(Saved data entries)
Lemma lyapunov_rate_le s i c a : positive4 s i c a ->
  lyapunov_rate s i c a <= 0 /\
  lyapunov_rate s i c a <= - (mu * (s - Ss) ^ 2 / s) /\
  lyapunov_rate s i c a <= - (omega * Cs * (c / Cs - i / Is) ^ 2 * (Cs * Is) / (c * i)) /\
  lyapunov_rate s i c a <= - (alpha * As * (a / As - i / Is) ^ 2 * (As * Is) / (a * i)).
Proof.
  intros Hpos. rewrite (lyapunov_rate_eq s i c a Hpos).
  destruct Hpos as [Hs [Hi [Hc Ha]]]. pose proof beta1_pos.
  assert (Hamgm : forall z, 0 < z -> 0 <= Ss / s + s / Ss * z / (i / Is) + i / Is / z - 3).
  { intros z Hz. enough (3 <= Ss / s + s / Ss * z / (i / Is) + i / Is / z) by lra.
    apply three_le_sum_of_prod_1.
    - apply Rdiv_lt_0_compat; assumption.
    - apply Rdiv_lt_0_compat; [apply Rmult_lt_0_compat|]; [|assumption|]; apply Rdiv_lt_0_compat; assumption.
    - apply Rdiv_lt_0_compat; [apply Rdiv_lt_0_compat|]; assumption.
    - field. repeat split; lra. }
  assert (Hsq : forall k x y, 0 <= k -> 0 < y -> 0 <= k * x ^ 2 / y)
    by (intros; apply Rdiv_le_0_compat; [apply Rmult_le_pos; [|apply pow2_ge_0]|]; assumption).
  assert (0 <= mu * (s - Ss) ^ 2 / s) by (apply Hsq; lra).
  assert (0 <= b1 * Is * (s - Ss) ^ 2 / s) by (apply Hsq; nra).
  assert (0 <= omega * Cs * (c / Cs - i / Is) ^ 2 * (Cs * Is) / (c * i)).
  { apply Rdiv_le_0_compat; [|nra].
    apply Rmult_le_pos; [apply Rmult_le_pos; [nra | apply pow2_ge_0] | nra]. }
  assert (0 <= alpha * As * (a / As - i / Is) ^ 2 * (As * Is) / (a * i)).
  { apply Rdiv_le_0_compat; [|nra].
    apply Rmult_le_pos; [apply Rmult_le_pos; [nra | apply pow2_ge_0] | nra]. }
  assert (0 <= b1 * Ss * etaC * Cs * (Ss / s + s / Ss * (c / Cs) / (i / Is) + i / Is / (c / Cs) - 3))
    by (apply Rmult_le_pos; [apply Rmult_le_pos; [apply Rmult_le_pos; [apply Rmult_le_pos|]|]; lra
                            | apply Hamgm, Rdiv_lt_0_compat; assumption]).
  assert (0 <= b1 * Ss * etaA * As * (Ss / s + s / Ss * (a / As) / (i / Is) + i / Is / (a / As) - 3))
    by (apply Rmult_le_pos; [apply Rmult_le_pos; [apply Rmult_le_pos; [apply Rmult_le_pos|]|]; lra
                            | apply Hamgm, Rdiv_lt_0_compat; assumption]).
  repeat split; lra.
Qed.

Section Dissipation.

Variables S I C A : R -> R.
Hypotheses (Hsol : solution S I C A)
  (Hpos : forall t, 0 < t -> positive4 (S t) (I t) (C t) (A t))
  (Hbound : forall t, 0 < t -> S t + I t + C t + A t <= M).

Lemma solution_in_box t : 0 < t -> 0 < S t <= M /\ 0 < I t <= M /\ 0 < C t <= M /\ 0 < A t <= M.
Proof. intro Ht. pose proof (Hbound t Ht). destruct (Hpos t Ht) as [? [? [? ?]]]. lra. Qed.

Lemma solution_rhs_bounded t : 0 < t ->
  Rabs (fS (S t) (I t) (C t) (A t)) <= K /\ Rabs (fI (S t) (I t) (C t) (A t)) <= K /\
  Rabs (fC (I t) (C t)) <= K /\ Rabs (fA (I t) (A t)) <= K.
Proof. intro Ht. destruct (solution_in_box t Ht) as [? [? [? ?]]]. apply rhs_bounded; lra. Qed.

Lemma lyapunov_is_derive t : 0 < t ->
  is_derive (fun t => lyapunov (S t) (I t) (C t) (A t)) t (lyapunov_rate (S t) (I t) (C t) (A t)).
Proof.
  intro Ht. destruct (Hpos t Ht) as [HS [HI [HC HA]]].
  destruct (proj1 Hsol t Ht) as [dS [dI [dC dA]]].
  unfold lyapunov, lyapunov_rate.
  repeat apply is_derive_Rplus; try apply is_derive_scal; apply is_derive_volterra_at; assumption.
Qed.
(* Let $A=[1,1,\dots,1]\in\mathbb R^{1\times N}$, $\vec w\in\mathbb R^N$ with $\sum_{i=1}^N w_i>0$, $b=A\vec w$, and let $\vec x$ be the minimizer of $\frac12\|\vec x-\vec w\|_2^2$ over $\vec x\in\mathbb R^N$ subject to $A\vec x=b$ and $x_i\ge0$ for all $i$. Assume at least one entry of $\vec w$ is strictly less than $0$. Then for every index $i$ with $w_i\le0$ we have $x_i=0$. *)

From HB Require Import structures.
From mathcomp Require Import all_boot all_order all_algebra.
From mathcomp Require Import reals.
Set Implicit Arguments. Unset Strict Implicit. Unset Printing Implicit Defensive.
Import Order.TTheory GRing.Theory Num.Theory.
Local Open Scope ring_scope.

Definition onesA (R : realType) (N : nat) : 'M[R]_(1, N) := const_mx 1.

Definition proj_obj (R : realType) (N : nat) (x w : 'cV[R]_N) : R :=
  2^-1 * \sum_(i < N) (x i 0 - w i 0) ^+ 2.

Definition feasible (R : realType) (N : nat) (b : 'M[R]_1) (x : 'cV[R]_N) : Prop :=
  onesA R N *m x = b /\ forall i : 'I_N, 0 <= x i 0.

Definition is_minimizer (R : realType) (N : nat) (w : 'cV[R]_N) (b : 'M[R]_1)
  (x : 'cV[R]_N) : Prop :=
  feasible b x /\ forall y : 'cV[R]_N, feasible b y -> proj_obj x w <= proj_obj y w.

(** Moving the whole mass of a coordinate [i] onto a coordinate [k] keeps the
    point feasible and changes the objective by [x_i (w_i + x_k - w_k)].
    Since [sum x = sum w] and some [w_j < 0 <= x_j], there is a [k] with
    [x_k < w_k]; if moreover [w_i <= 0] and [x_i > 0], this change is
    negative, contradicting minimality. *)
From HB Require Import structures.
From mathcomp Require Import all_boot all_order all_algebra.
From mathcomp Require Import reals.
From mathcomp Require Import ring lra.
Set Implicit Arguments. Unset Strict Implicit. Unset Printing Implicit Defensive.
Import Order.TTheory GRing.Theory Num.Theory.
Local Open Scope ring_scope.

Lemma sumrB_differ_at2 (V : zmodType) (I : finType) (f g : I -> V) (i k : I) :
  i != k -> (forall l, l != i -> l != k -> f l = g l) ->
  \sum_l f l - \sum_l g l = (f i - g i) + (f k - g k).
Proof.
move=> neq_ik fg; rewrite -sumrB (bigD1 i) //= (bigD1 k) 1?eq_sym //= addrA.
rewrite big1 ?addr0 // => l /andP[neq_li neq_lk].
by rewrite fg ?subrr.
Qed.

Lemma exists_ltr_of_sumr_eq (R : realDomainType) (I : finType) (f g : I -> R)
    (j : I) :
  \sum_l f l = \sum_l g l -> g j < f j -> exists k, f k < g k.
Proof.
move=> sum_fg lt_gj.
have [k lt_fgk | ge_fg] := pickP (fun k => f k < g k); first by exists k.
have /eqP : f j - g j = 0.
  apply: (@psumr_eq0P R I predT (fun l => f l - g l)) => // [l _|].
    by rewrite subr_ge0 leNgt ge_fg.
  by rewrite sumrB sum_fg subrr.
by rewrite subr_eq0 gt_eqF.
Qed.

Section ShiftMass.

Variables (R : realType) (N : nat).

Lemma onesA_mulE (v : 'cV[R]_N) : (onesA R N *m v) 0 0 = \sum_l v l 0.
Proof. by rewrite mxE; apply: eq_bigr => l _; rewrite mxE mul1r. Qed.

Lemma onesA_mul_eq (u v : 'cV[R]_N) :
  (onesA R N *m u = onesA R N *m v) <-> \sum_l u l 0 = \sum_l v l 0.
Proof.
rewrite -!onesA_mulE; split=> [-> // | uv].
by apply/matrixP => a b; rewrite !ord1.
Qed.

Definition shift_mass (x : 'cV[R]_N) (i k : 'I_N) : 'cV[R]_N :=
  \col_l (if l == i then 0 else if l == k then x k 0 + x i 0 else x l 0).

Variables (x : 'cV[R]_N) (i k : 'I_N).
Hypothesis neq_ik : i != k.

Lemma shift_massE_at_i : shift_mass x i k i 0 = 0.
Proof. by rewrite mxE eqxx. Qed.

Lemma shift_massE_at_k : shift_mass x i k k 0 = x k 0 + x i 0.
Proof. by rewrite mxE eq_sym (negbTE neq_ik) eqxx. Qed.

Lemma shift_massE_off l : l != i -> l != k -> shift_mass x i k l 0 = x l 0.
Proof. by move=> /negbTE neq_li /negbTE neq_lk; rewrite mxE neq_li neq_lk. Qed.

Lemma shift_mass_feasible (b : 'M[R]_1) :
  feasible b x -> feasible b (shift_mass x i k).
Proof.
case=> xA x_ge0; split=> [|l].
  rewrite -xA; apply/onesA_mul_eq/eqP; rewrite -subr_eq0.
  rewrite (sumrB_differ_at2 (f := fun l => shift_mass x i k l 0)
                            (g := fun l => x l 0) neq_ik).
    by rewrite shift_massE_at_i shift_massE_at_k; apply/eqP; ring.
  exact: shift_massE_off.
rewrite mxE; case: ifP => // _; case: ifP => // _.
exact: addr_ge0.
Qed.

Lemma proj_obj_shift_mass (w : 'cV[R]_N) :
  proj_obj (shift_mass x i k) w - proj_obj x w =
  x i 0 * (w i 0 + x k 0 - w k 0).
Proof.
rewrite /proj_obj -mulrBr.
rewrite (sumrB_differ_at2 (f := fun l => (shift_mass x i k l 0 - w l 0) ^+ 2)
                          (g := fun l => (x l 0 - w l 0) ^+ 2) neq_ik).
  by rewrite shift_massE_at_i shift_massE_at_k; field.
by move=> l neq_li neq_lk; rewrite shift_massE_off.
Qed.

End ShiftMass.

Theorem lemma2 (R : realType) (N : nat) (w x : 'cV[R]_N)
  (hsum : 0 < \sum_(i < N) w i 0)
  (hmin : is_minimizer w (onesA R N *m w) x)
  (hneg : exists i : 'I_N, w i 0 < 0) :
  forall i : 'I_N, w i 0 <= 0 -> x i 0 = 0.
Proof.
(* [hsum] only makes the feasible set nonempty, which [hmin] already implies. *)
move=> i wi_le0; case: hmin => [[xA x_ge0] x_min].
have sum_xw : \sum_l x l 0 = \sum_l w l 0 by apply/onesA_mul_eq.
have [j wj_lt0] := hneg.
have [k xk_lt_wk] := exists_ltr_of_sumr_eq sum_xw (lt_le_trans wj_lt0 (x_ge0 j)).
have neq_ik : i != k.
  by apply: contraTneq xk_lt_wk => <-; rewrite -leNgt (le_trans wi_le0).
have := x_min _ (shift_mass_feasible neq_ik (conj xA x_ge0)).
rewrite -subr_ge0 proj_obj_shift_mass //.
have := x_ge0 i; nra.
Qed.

**Aim of the exercise**
Collect the complete line wherever the string "destruct" appears in the records.

**Answer for this exercise**
  destruct Hpos as [Hs [Hi [Hc Ha]]]. pose proof beta1_pos.
Proof. intro Ht. pose proof (Hbound t Ht). destruct (Hpos t Ht) as [? [? [? ?]]]. lra. Qed.
Proof. intro Ht. destruct (solution_in_box t Ht) as [? [? [? ?]]]. apply rhs_bounded; lra. Qed.
  intro Ht. destruct (Hpos t Ht) as [HS [HI [HC HA]]].
  destruct (proj1 Hsol t Ht) as [dS [dI [dC dA]]].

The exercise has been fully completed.